Nuclear is helping environment more than other power sources
Studies have repeatedly shown that nuclear energy is a low-emitting source of electricity production with the lowest amount of carbon dioxide equivalent per unit of energy produced when considering total life-cycle emissions. On a life-cycle basis, nuclear power emits just a few grams of CO2 equivalent per kWh of electricity produced. The UK Sustainable Development Commission report in March 2006 gave a figure of 16 g/kWh for nuclear, compared with 891 g/kWh for coal and 356 g/kWh for gas. Most important is that the majority of CO2 emissions from the life-cycle of nuclear power are produced during construction, stemming from cement and steel production, and component manufacturing.
Nuclear is the second largest source of low-carbon electricity production globally (after hydropower), and provided about 30% of all low-carbon electricity generated in 2018. Its reliability that does not need specific weather conditions makes it a top performer as a baseload and carbon-free source of electricity. Almost all reports on future energy supply from major organizations like United Nations, Organization for Economic Cooperation and Development, International Energy Agency and International Atomic Energy Agency suggest an expanded role for nuclear power is required, alongside growth in other forms of low-carbon power generation, to create a sustainable future energy system. There are two recent examples that show what problems may arise if carbon-free baseload sources of electricity are not in use.
Without nuclear, Germany has now sky-rocketed its carbon emissions becoming world’s seventh-biggest emitter of CO2 in 2018. The country decided in 2011 to enact so-called Energy Transition policy, widely identified as the most ambitious national climate change mitigation policy. But even heavily subsidized renewable energy projects cannot cover the need for reliable power. As a result, the decision to phase out nuclear created a vacuum that was filled by oil and coal plants.
Another example is California. With population of 39 mln people, California is the world’s fifth largest economy that produces 13% of US gross domestic product (GDP). California’s non-carbon dioxide emitting electric generation categories (nuclear, large hydroelectric, and renewables) accounted for 57 percent of its generation with nuclear specifically amounting to 9%. California has only 3% of its electricity supplied by coal and less than 0,1% by oil. Intermittent sources of energy amount to 30%, leading US in generation from solar, wind, geothermal, and biomass energy.
In August 2020 California experienced severe power shortages with rolling blackouts due to heatwave with five hottest August days in the last 35 years, coinciding with little wind. Day-ahead electricity prices spiked at above $1000/MWh and the first rolling blackouts in nearly 20 years took place because energy planners didn’t take climate change into account and didn’t line up the right power sources to keep the lights on after sundown. California governor Gavin Newsome said that the displacement of fossil fuel by the shift to solar power and other forms of intermittent green energy as “a moral and ethical imperative” had led to what he called “gaps” in the energy grid’s reliability.

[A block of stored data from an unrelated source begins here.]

Lemma coupling_sum1 : \sum_x mu x = 1.
Proof.
case: mu_coupling => _ [marg1 _].
rewrite -(gnp_weight_sum1 p n) -(eq_bigr _ (fun E1 _ => marg1 E1)) pair_big /=.
by apply: eq_bigr => -[].
Qed.

End Coupling.

Definition in_window {R : numDomainType} (lo hi : R) : pred nat :=
  fun k => (lo <= k%:R) && (k%:R <= hi).

Lemma Pr_chi_int_window {R : realType} (p : R) n (lo hi : int) :
  Pr_chi p n (fun k => (lo <= k%:Z) && (k%:Z <= hi)) =
  Pr_chi p n (in_window (lo%:~R : R) hi%:~R).
Proof. by apply: eq_bigl => E; rewrite /in_window -!(ler_int R) -pmulrn. Qed.

Lemma windows_meet {R : realType} (p : R) n (lo1 hi1 lo2 hi2 c1 c2 : R) :
  0 <= p -> p <= 1 ->
  c1 <= Pr_chi p n (in_window lo1 hi1) -> c2 <= Pr_chi p n (in_window lo2 hi2) ->
  1 < c1 + c2 -> lo1 <= hi2.
Proof.
move=> p_ge0 p_le1 Pr1 Pr2 c12.
have [E /andP[/andP[lo1E _] /andP[_ Ehi2]]] :
    exists E : {set {set 'I_n}},
      in_window lo1 hi1 (chi E) && in_window lo2 hi2 (chi E).
  apply: (mass_exists2 (fun E => gnp_weight_ge0 p n E p_ge0 p_le1)
                       (gnp_weight_sum1 p n)).
  rewrite /Pr_chi in Pr1 Pr2; lra.
exact: le_trans lo1E Ehi2.
Qed.

Lemma coupled_windows_le {R : realType} {p : R} {n m : nat}
    {mu : {ffun {set {set 'I_n}} * {set {set 'I_m}} -> R}} (r : nat)
    (lo1 hi1 lo2 hi2 c1 c2 c3 : R) :
  is_coupling p mu ->
  c1 <= Pr_chi p n (in_window lo1 hi1) -> c2 <= Pr_chi p m (in_window lo2 hi2) ->
  c3 <= Pr_coupling mu (fun x => chi x.2 <= chi x.1 + r)%N ->
  2 < c1 + c2 + c3 -> lo2 <= hi1 + r%:R.
Proof.
move=> mu_coupling Pr1 Pr2 Pr3 c123.
rewrite -(Pr_coupling_fst mu_coupling) in Pr1.
rewrite -(Pr_coupling_snd mu_coupling) in Pr2.
have [x /and3P[/andP[_ hi1x] /andP[lo2x _] chi_le]] :
    exists x : {set {set 'I_n}} * {set {set 'I_m}},
    [&& in_window lo1 hi1 (chi x.1), in_window lo2 hi2 (chi x.2)
      & chi x.2 <= chi x.1 + r]%N.
  apply: (mass_exists3 mu_coupling.1 (coupling_sum1 mu_coupling)).
  rewrite /Pr_coupling in Pr1 Pr2 Pr3; lra.
have : (chi x.2)%:R <= (chi x.1)%:R + r%:R :> R by rewrite -natrD ler_nat.
lra.
Qed.

Lemma derive1_lb_increment {R : realType} (f : R -> R) (c u v : R) :
  u <= v -> (forall x, u <= x <= v -> derivable f x 1 /\ c <= derive1 f x) ->
  c * (v - u) <= f v - f u.
Proof.
move=> uv fD.
have fD' x : x \in `[u, v] -> derivable f x 1 /\ c <= derive1 f x.
  by rewrite in_itv => /fD.
have [x /fD'[_ cx] ->] : exists2 x, x \in `[u, v] & f v - f u = derive1 f x * (v - u).
  apply: MVT_segment => // [x xuv|].
    rewrite derive1E; apply/derivableP.
    exact: (fD' x (subset_itv_oo_cc xuv)).1.
  by apply: derivable_within_continuous => x /fD'[].
by rewrite ler_wpM2r // subr_ge0.
Qed.

Section Orbit.
Context {R : realType} {f : R -> R} {s t : nat -> R} {r : nat -> nat}.
Context {nm np a : nat} {delta Delta : R}.
Hypothesis delta_gt0 : 0 < delta.
Hypothesis a_gt0 : (0 < a)%N.
Hypothesis nm_le_np : (nm <= np)%N.
Hypothesis r_ndecr : forall m n, (m <= n)%N -> (r m <= r n)%N.
Hypothesis r_gt0 : forall n, (nm <= n <= np)%N -> (0 < r n)%N.
Hypothesis f_slope : forall x, nm%:R <= x <= np%:R ->
  derivable f x 1 /\ a%:R^-1 + delta <= derive1 f x.
Hypothesis s_nm_le : s nm <= f nm%:R + Delta.
Hypothesis jump_s_le : forall n, (nm <= n)%N -> (n + a * r n <= np)%N ->
  s (n + a * r n)%N <= t n + (r n)%:R.
Hypothesis jump_f_le : forall n, (nm <= n)%N -> (n + a * r n <= np)%N ->
  f (n + a * r n)%:R - Delta <= t n + (r n)%:R.
Hypothesis wide_Delta : 5 * Delta / delta <= (np - nm)%:R.
Hypothesis wide_r : (5 * a * r np <= np - nm)%N.

Section Narrow.
Hypothesis narrow : forall n, (nm <= n <= np)%N ->
  t n - s n <= a%:R * delta * (r n)%:R / 2.

Let line (x : R) : R := f nm%:R + Delta + (a%:R^-1 + delta / 2) * (x - nm%:R).

Lemma line_jump n :
  line (n + a * r n)%:R = line n%:R + (r n)%:R + a%:R * delta * (r n)%:R / 2.
Proof. by rewrite /line natrD natrM; field; rewrite pnatr_eq0 -lt0n. Qed.

Lemma close_of_f_below_line x :
  (nm <= x <= np)%N -> f x%:R - Delta <= line x%:R ->
  (5 * (x - nm) <= 4 * (np - nm))%N.
Proof.
case/andP=> nm_x x_np fx_le.
have slope : (a%:R^-1 + delta) * (x%:R - nm%:R) <= f x%:R - f nm%:R.
  apply: derive1_lb_increment; first by rewrite ler_nat.
  move=> y /andP[nm_y y_x]; apply: f_slope; by rewrite nm_y (le_trans y_x) ?ler_nat.
have near : delta * (x%:R - nm%:R) <= 4 * Delta by rewrite /line in fx_le; lra.
have wide : 5 * Delta <= (np%:R - nm%:R) * delta by rewrite -natrB // -ler_pdivrMr.
rewrite -(ler_nat R) !natrM !natrB // -(ler_pM2l delta_gt0).
lra.
Qed.

Lemma jump_le_np n : (nm <= n)%N -> (5 * (n - nm) <= 4 * (np - nm))%N ->
  (n + a * r n <= np)%N.
Proof.
move=> nm_n close; have n_np : (n <= np)%N by lia.
have : (a * r n <= a * r np)%N by rewrite leq_mul2l r_ndecr ?orbT.
by move: wide_r; rewrite -mulnA; lia.
Qed.

Let orbit_inv n :=
  [/\ (nm <= n)%N, (5 * (n - nm) <= 4 * (np - nm))%N & s n <= line n%:R].

Lemma orbit_inv_jump n : orbit_inv n -> orbit_inv (n + a * r n).
Proof.
case=> nm_n close s_le; have J_np := jump_le_np n nm_n close.
have n_in : (nm <= n <= np)%N by lia.
have t_le : t n + (r n)%:R <= line (n + a * r n)%:R.
  by rewrite line_jump; have := narrow n n_in; lra.
split; first lia.
- apply: close_of_f_below_line; first lia.
  have := jump_f_le n nm_n J_np; lra.
- have := jump_s_le n nm_n J_np; lra.
Qed.

Let orbit k := iter k (fun n => n + a * r n)%N nm.

Lemma orbit_inv_iter k : (nm + k <= orbit k)%N /\ orbit_inv (orbit k).
Proof.
elim: k => [|k [k_le inv_k]].
  rewrite addn0; split=> //; split=> //; first by rewrite subnn.
  by rewrite /line subrr mulr0 addr0.
rewrite /orbit iterS -/(orbit k); split; last exact: orbit_inv_jump inv_k.
have [nm_n close _] := inv_k.
have : (0 < a * r (orbit k))%N by rewrite muln_gt0 a_gt0 r_gt0 //; lia.
lia.
Qed.

Lemma not_all_windows_narrow : False.
Proof. have [+ [_ close _]] := orbit_inv_iter np.+1; lia. Qed.

End Narrow.

Lemma exists_wide_window :
  exists n, (nm <= n <= np)%N /\ a%:R * delta * (r n)%:R / 2 < t n - s n.
Proof.
apply: contrapT => none; apply: not_all_windows_narrow => n n_in.
by rewrite leNgt; apply/negP => wide; apply: none; exists n.
Qed.

End Orbit.

Theorem lemma18 (R : realType) (p delta Delta : R) (nm np a : nat)
  (f : R -> R) (s t : nat -> int) (r : nat -> nat) :
  0 < p -> p < 1 -> 0 < delta -> 0 < Delta ->
  (0 < nm)%N -> (nm < np)%N -> (0 < a)%N ->
  (* (1) *)
  (forall n : nat, (nm <= n <= np)%N ->
     Pr_chi p n (fun k => (f n%:R - Delta <= k%:R) && (k%:R <= f n%:R + Delta))
       >= 99%:R / 100%:R) ->
  (* (2) f differentiable on I with f' >= 1/a + delta *)
  (forall x : R, nm%:R <= x <= np%:R ->
     derivable f x 1 /\ derive1 f x >= a%:R^-1 + delta) ->
  (* (3) *)
  (forall n : nat, (nm <= n <= np)%N ->
     Pr_chi p n (fun k => (s n <= k%:Z) && (k%:Z <= t n)) >= 9%:R / 10%:R) ->
  (* (4) r increasing, positive integer-valued, and the couplings *)
  (forall m n : nat, (m <= n)%N -> (r m <= r n)%N) ->
  (forall n : nat, (nm <= n <= np)%N -> (0 < r n)%N) ->
  (forall n : nat, (nm <= n <= np)%N ->
     exists mu : {ffun {set {set 'I_n}} * {set {set 'I_(n + a * r n)}} -> R},
       is_coupling p mu /\
       Pr_coupling mu (fun x => (chi x.2 <= chi x.1 + r n)%N) >= 4%:R / 10%:R) ->
  (* (5) *)
  (np - nm)%:R >= 5%:R * Delta / delta ->
  (np - nm >= 5 * a * r np)%N ->
  exists n : nat, [/\ (nm <= n <= np)%N &
    (t n - s n)%:~R > a%:R * delta * (r n)%:R / 2%:R].
Proof.
move=> p_gt0 p_lt1 delta_gt0 _ _ nm_lt_np a_gt0 f_window f_slope st_window
  r_ndecr r_gt0 coupling wide_Delta wide_r.
have [p_ge0 p_le1] : 0 <= p /\ p <= 1 by split; apply: ltW.
have st_win n : (nm <= n <= np)%N ->
    9 / 10 <= Pr_chi p n (in_window ((s n)%:~R : R) (t n)%:~R).
  by move=> /st_window; rewrite Pr_chi_int_window.
have f_win n : (nm <= n <= np)%N ->
    9 / 10 <= Pr_chi p n (in_window (f n%:R - Delta) (f n%:R + Delta)).
  by move=> /f_window; apply: le_trans; lra.
have jump_in n : (nm <= n)%N -> (n + a * r n <= np)%N ->
    (nm <= n <= np)%N /\ (nm <= n + a * r n <= np)%N by lia.
suff [n [n_in wide]] : exists n, (nm <= n <= np)%N /\
    a%:R * delta * (r n)%:R / 2 < (t n)%:~R - (s n)%:~R.
  by exists n; rewrite intrB.
apply: exists_wide_window delta_gt0 a_gt0 (ltnW nm_lt_np) r_ndecr r_gt0 f_slope _ _ _
  wide_Delta wide_r.
- have nm_in : (nm <= nm <= np)%N by rewrite leqnn ltnW.
  apply: windows_meet p_ge0 p_le1 (st_win nm nm_in) (f_win nm nm_in) _; lra.
- move=> n nm_n J_np; have [n_in J_in] := jump_in n nm_n J_np.
  have [mu [mu_coupling mu_le]] := coupling n n_in.
  by apply: coupled_windows_le mu_coupling (st_win n n_in) (st_win _ J_in) mu_le _; lra.
- move=> n nm_n J_np; have [n_in J_in] := jump_in n nm_n J_np.
  have [mu [mu_coupling mu_le]] := coupling n n_in.
  by apply: coupled_windows_le mu_coupling (st_win n n_in) (f_win _ J_in) mu_le _; lra.
Qed.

There are two key economic benefits from nuclear: the reliability and affordability of this specific source of electricity and the economic benefits from the NPP itself.

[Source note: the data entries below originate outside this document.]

(* Every chain complex $\mathcal{A}$ over $\mathbb{F}_2$ has a lift to some chain complex $\tilde{\mathcal{A}}$ over $\mathbb{Z}$. Further, the lift can be chosen so that $\tilde{\mathcal{A}}$ has no torsion in its homology or cohomology and has the same Betti numbers as $\mathcal{A}$, i.e. $H_j(\tilde{\mathcal{A}})$ and $H^j(\tilde{\mathcal{A}})$ are both isomorphic to $\mathbb{Z}^{b_j(\mathcal{A})}$, where $b_j(\mathcal{A})$ are the $\mathbb{F}_2$ Betti numbers of $\mathcal{A}$.
   Context: A chain complex $\mathcal{A}$ over $\mathbb{F}_2$ consists of finite-dimensional vector spaces $\mathcal{A}_j$ with preferred bases and boundary maps $\partial_j:\mathcal{A}_j\to\mathcal{A}_{j-1}$ (matrices with entries in $\{0,1\}$) with $\partial_{j}\partial_{j+1}=0$. A lift is a chain complex over $\mathbb{Z}$ on free modules with the same bases, given by integer matrices $\tilde\partial_j$ of the same sizes with each entry congruent mod $2$ to the corresponding entry of $\partial_j$, satisfying $\tilde\partial_j\tilde\partial_{j+1}=0$ over $\mathbb{Z}$. *)

From HB Require Import structures.
From mathcomp Require Import all_boot all_order all_algebra.
Set Implicit Arguments. Unset Strict Implicit. Unset Printing Implicit Defensive.
Import Order.TTheory GRing.Theory Num.Theory.
Local Open Scope ring_scope.

(* A chain complex over a ring R (with preferred bases) is
   indexed by j : int, with A_j = R^(n j) (column vectors) and the boundary
   map  A_(j+1) -> A_j  given by the matrix  d j : 'M_(n j, n (j+1)),
   acting on column vectors x |-> d j *m x.  So "d j" is the paper's
   \partial_{j+1}. *)

Definition chain_complex (R : pzRingType) (n : int -> nat)
  (d : forall j : int, 'M[R]_(n j, n (j + 1))) : Prop :=
  forall j : int, d j *m d (j + 1) = 0.

Definition mod2_mx (p q : nat) (M : 'M[int]_(p, q)) : 'M['F_2]_(p, q) :=
  map_mx (fun z : int => z%:~R) M.

Definition is_lift (n : int -> nat)
  (d : forall j : int, 'M['F_2]_(n j, n (j + 1)))
  (D : forall j : int, 'M[int]_(n j, n (j + 1))) : Prop :=
  (forall j : int, mod2_mx (D j) = d j) /\ chain_complex D.

(* For integer matrices A : Z^q -> Z^p and B : Z^r -> Z^q (acting on
   column vectors), the quotient group  ker A / im B  is isomorphic to Z^b:
   there is a group homomorphism phi from ker A onto Z^b whose kernel is
   exactly im B (first isomorphism theorem). *)
Definition quot_iso_Zpow (p q r : nat) (A : 'M[int]_(p, q)) (B : 'M[int]_(q, r))
  (b : nat) : Prop :=
  exists phi : 'cV[int]_q -> 'cV[int]_b,
    [/\ forall x y : 'cV[int]_q, A *m x = 0 -> A *m y = 0 ->
          phi (x + y) = phi x + phi y,
        forall x : 'cV[int]_q, A *m x = 0 ->
          (phi x = 0 <-> exists y : 'cV[int]_r, x = B *m y)
      & forall z : 'cV[int]_b, exists x : 'cV[int]_q, A *m x = 0 /\ phi x = z].

(* Homology of an integer complex in degree j+1 (paper's indexing):
   H_(j+1) = ker \partial_(j+1) / im \partial_(j+2) = ker (D j) / im (D (j+1)). *)
Definition homology_iso_Zpow (n : int -> nat)
  (D : forall j : int, 'M[int]_(n j, n (j + 1))) (j : int) (b : nat) : Prop :=
  quot_iso_Zpow (D j) (D (j + 1)) b.

(* Cohomology in degree j+1: coboundaries are the transposes,
   H^(j+1) = ker (\partial_(j+2))^T / im (\partial_(j+1))^T
           = ker (D (j+1))^T / im (D j)^T. *)
Definition cohomology_iso_Zpow (n : int -> nat)
  (D : forall j : int, 'M[int]_(n j, n (j + 1))) (j : int) (b : nat) : Prop :=
  quot_iso_Zpow (D (j + 1))^T (D j)^T b.

(* F_2 Betti number in degree j+1: dim ker \partial_(j+1) - dim im \partial_(j+2).
   The kernel {x | d j *m x = 0} of the column action is the row space of
   kermx (d j)^T. *)
Definition betti2 (n : int -> nat)
  (d : forall j : int, 'M['F_2]_(n j, n (j + 1))) (j : int) : nat :=
  let rk_out := \rank (kermx (d j)^T) in
  let rk_in := \rank (d (j + 1)) in (rk_out - rk_in)%N.

From HB Require Import structures.
From mathcomp Require Import all_boot all_order all_algebra.
From mathcomp Require Import fingroup perm zify.
Import Order.TTheory GRing.Theory Num.Theory.
Set Implicit Arguments. Unset Strict Implicit. Unset Printing Implicit Defensive.
Local Open Scope ring_scope.

(* Over F_2 each chain group splits as the boundaries, a complement of the
   boundaries in the cycles, and a complement of the cycles.  In bases adapted to
   these splittings every boundary map becomes the standard 0/1 matrix [std_mx],
   which sends the last rank-many basis vectors onto the first ones.  The changes
   of basis lift to GL_n(Z) through an LUP decomposition (its triangular factors
   have unit diagonal over F_2), and conjugating the standard matrices by the lifts
   gives an integral complex reducing to the given one.  In each degree the standard
   complex retracts by a chain homotopy onto Z^b, b the Betti number; retractions
   survive conjugation and transposition, whence homology and cohomology. *)

Section WindowMatrices.
Variable R : pzRingType.

Lemma sum_indicator (I : finType) (P : pred I) :
  (forall k k', P k -> P k' -> k = k') -> \sum_(k : I) (P k)%:R = [exists k, P k]%:R :> R.
Proof.
move=> uniqP; case: existsP => [[k0 Pk0] | noP].
  rewrite (bigD1 k0) //= Pk0 big1 ?addr0 // => k nk.
  by case Pk: (P k); rewrite // (uniqP _ _ Pk Pk0) eqxx in nk.
by rewrite big1 // => k _; case Pk: (P k); last done; case: noP; exists k.
Qed.

Lemma mul_indicator_mx m n p (P : 'I_m -> 'I_n -> bool) (Q : 'I_n -> 'I_p -> bool) :
  (forall i k k', P i k -> P i k' -> k = k') ->
  \matrix_(i, k) (P i k)%:R *m \matrix_(k, l) (Q k l)%:R
    = \matrix_(i, l) [exists k, P i k && Q k l]%:R :> 'M[R]_(m, p).
Proof.
move=> uniqP; apply/matrixP => i l; rewrite !mxE -sum_indicator.
  by apply: eq_bigr => k _; rewrite !mxE -natrM mulnb.
by move=> k k' /andP[Pk _] /andP[Pk' _]; apply: uniqP Pk Pk'.
Qed.

Definition window_mx m n (o r : nat) : 'M[R]_(m, n) :=
  \matrix_(i, k) ((i < r)%N && (k == (o + i)%N :> nat))%:R.

Definition std_mx m n r : 'M[R]_(m, n) := window_mx m n (n - r) r.

Lemma window_col_uniq m n (o r : nat) (i : 'I_m) (k k' : 'I_n) :
  (i < r)%N && (k == (o + i)%N :> nat) -> (i < r)%N && (k' == (o + i)%N :> nat) -> k = k'.
Proof. by move=> /andP[_ /eqP ?] /andP[_ /eqP ?]; apply: val_inj => /=; lia. Qed.

Lemma window_row_uniq m n (o r : nat) (k : 'I_n) (i i' : 'I_m) :
  (i < r)%N && (k == (o + i)%N :> nat) -> (i' < r)%N && (k == (o + i')%N :> nat) -> i = i'.
Proof. by move=> /andP[_ /eqP ?] /andP[_ /eqP ?]; apply: val_inj => /=; lia. Qed.

Lemma tr_window_mx m n o r :
  (window_mx m n o r)^T = \matrix_(k, i) ((i < r)%N && (k == (o + i)%N :> nat))%:R.
Proof. by apply/matrixP => k i; rewrite !mxE. Qed.

Lemma window_mul_tr_disjoint m m' n o o' r r' :
  (o + r <= o')%N || (o' + r' <= o)%N ->
  window_mx m n o r *m (window_mx m' n o' r')^T = 0.
Proof.
move=> disj; rewrite tr_window_mx mul_indicator_mx; last exact: window_col_uniq.
apply/matrixP => i l; rewrite !mxE; case: existsP => // [[k]].
by case/andP => /andP[? /eqP ?] /andP[? /eqP ?]; lia.
Qed.

Lemma window_mul_disjoint m n p o o' r r' :
  (r' <= o)%N -> window_mx m n o r *m window_mx n p o' r' = 0.
Proof.
move=> disj; rewrite mul_indicator_mx; last exact: window_col_uniq.
apply/matrixP => i l; rewrite !mxE; case: existsP => // [[k]].
by case/andP => /andP[? /eqP ?] /andP[? /eqP ?]; lia.
Qed.

Lemma window_mul_tr m n o r :
  (o + r <= n)%N -> window_mx m n o r *m (window_mx m n o r)^T = pid_mx r.
Proof.
move=> orn; rewrite tr_window_mx mul_indicator_mx; last exact: window_col_uniq.
apply/matrixP => i i'; rewrite !mxE; congr (nat_of_bool _)%:R; apply/existsP/andP.
  by case=> k /andP[/andP[? /eqP ?] /andP[? /eqP ?]]; split; [apply/eqP|]; lia.
case=> /eqP ii' ir; have lt : (o + i < n)%N by lia.
by exists (Ordinal lt); rewrite /= -ii' ir eqxx.
Qed.

Lemma tr_window_mul m n o r :
  (r <= m)%N -> (window_mx m n o r)^T *m window_mx m n o r
    = \matrix_(k, k') ((k == k' :> nat) && (o <= k < o + r)%N)%:R.
Proof.
move=> rm; rewrite tr_window_mx mul_indicator_mx; last exact: window_row_uniq.
apply/matrixP => k k'; rewrite !mxE; congr (nat_of_bool _)%:R; apply/existsP/andP.
  by case=> i /andP[/andP[? /eqP ?] /andP[? /eqP ?]]; split; [apply/eqP|]; lia.
case=> /eqP kk' /andP[ok kr]; have lt : (k - o < m)%N by lia.
by exists (Ordinal lt); rewrite /= -kk' andbb subnKC ?eqxx ?andbT //; lia.
Qed.

Lemma tr_window_mul_prefix m n o r :
  (r <= m)%N -> (window_mx r m 0 r)^T *m window_mx r n o r = window_mx m n o r.
Proof.
move=> rm; rewrite tr_window_mx mul_indicator_mx; last exact: window_row_uniq.
apply/matrixP => i l; rewrite !mxE; congr (nat_of_bool _)%:R; apply/existsP/andP.
  by case=> k /andP[/andP[? /eqP ?] /andP[? /eqP ?]]; split; [|apply/eqP]; lia.
by case=> ir /eqP li; exists (Ordinal ir); rewrite /= ir li !eqxx.
Qed.

End WindowMatrices.

(* [(E, F)] exhibits R^b as a deformation retract of the middle term of
   R^s --B--> R^q --A--> R^p, with chain homotopy [(G, K)]. *)
Definition contraction (R : pzRingType) p q s b (A : 'M[R]_(p, q)) (B : 'M[R]_(q, s))
    (E : 'M[R]_(b, q)) (F : 'M[R]_(q, b)) (G : 'M[R]_(s, q)) (K : 'M[R]_(q, p)) :=
  [/\ A *m F = 0, E *m B = 0, E *m F = 1%:M & F *m E + B *m G + K *m A = 1%:M].

Lemma contraction_tr (R : comPzRingType) p q s b (A : 'M[R]_(p, q)) (B : 'M[R]_(q, s))
    (E : 'M[R]_(b, q)) (F : 'M[R]_(q, b)) (G : 'M[R]_(s, q)) (K : 'M[R]_(q, p)) :
  contraction A B E F G K -> contraction B^T A^T F^T E^T K^T G^T.
Proof.
case=> AF EB EF htpy; split; rewrite -!trmx_mul ?AF ?EB ?EF ?trmx0 ?trmx1 //.
by rewrite -[RHS]trmx1 -htpy !raddfD /= !trmx_mul addrAC.
Qed.

Lemma contraction_conj (R : comUnitRingType) p q s b (A : 'M[R]_(p, q)) (B : 'M[R]_(q, s))
    (E : 'M[R]_(b, q)) (F : 'M[R]_(q, b)) (G : 'M[R]_(s, q)) (K : 'M[R]_(q, p))
    (P : 'M[R]_p) (S : 'M[R]_q) (T : 'M[R]_s) :
  P \in unitmx -> S \in unitmx -> T \in unitmx -> contraction A B E F G K ->
  contraction (P *m A *m invmx S) (S *m B *m T) (E *m invmx S) (S *m F)
              (invmx T *m G *m invmx S) (S *m K *m invmx P).
Proof.
move=> uP uS uT [AF EB EF htpy]; split; rewrite !mulmxA ?mulmxKV //.
- by rewrite -mulmxA AF mulmx0.
- by rewrite EB mul0mx.
rewrite mulmxK // -!mulmxDl -!(mulmxA S) -!mulmxDr htpy.
by rewrite mulmx1 mulmxV.
Qed.

Lemma contraction_quot_iso p q s b (A : 'M[int]_(p, q)) (B : 'M[int]_(q, s))
    (E : 'M[int]_(b, q)) (F : 'M[int]_(q, b)) (G : 'M[int]_(s, q)) (K : 'M[int]_(q, p)) :
  contraction A B E F G K -> quot_iso_Zpow A B b.
Proof.
case=> AF EB EF htpy; exists (mulmx E); split.
- by move=> x y _ _; rewrite mulmxDr.
- move=> x Ax; split=> [Ex | [y ->]]; last by rewrite mulmxA EB mul0mx.
  exists (G *m x); rewrite -[LHS]mul1mx -htpy !mulmxDl -!mulmxA Ex Ax !mulmx0.
  by rewrite add0r addr0.
- by move=> z; exists (F *m z); rewrite !mulmxA AF EF mul0mx mul1mx.
Qed.

Lemma std_contraction (R : pzRingType) p q s r t :
  (r <= p)%N -> (t <= s)%N -> (r + t <= q)%N ->
  let E := window_mx R (q - r - t) q t (q - r - t) in
  contraction (std_mx R p q r) (std_mx R q s t) E E^T
              (std_mx R q s t)^T (std_mx R p q r)^T.
Proof.
move=> rp ts rtq E; split.
- by rewrite window_mul_tr_disjoint //; apply/orP; right; lia.
- by rewrite window_mul_disjoint.
- by rewrite window_mul_tr ?pid_mx_1 //; lia.
rewrite tr_window_mul // window_mul_tr ?subnK // tr_window_mul //.
apply/matrixP => k k'; rewrite !mxE -!natrD; congr _%:R.
(* the windows [0, t), [t, q - r) and [q - r, q) partition the coordinates *)
case: (eqVneq k k') => [<- | /negPf kk']; last by rewrite -[(k == k' :> nat)]/(k == k') kk'.
by rewrite eqxx /=; have := ltn_ord k; case: (ltnP k t); case: (leqP (q - r) k); lia.
Qed.

Section AdaptedBasis.
Variables (F : fieldType) (m n p : nat) (Gin : 'M[F]_(m, n)) (Gout : 'M[F]_(n, p)).
Hypothesis GinGout : Gin *m Gout = 0.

Typically, nuclear power plants produce up to 1.4 GW of electricity per unit and operate from 40 to 80 years with very high capacity factor. Since the first NPPs construction 70 years ago, the overall performance of nuclear reactors has improved substantially. For example, 62% of reactors achieved a capacity factor higher than 80% in 2018, compared to 28% in 1978, whereas only 7% of reactors had a capacity factor lower than 50% in 2018, compared to 20% in 1978.
US Energy department estimates show that nuclear power plants are producing maximum power more than 93% of the time during the year thus making nuclear energy the highest capacity factor energy source. According to these estimates, a typical nuclear reactor in the US produces 1 gigawatt (GW) of electricity. But is one wanted to replace it with another source, it would need more that a 1 gigawatt: two coal or three to four renewable plants (each of 1 GW size) to generate the same amount of electricity onto the grid.
The key costs association with nuclear are related to the construction period. Building a large-scale nuclear reactor takes thousands of workers, huge amounts of steel and concrete, thousands of components, and several systems to provide electricity, cooling, ventilation, information, control and communication. Construction takes from 6 to 12 years depending on the maturity of various infrastructure and technology. The OECD Nuclear Energy Agency’s (NEA’s) calculation of the overnight cost for a nuclear power plant built in the OECD range from $2021/kWe in South Korea to $6215/kWe in Hungary. For China, two comparable figures were $1807/kWe and $2615/kWe.
After commissioning, NPPs need very small amount of these costs for operating that include costs of fuel, operation and maintenance (O&M), and a provision for funding the costs of decommissioning the plant and treating and disposing of used fuel and wastes. The US Nuclear Energy Institute suggests that the cost of fuel for a coal-fired plant is 78% of total costs, for a gas-fired plant the figure is 87%, and for nuclear the uranium is about 14% (or 34% if all front end and waste management costs are included).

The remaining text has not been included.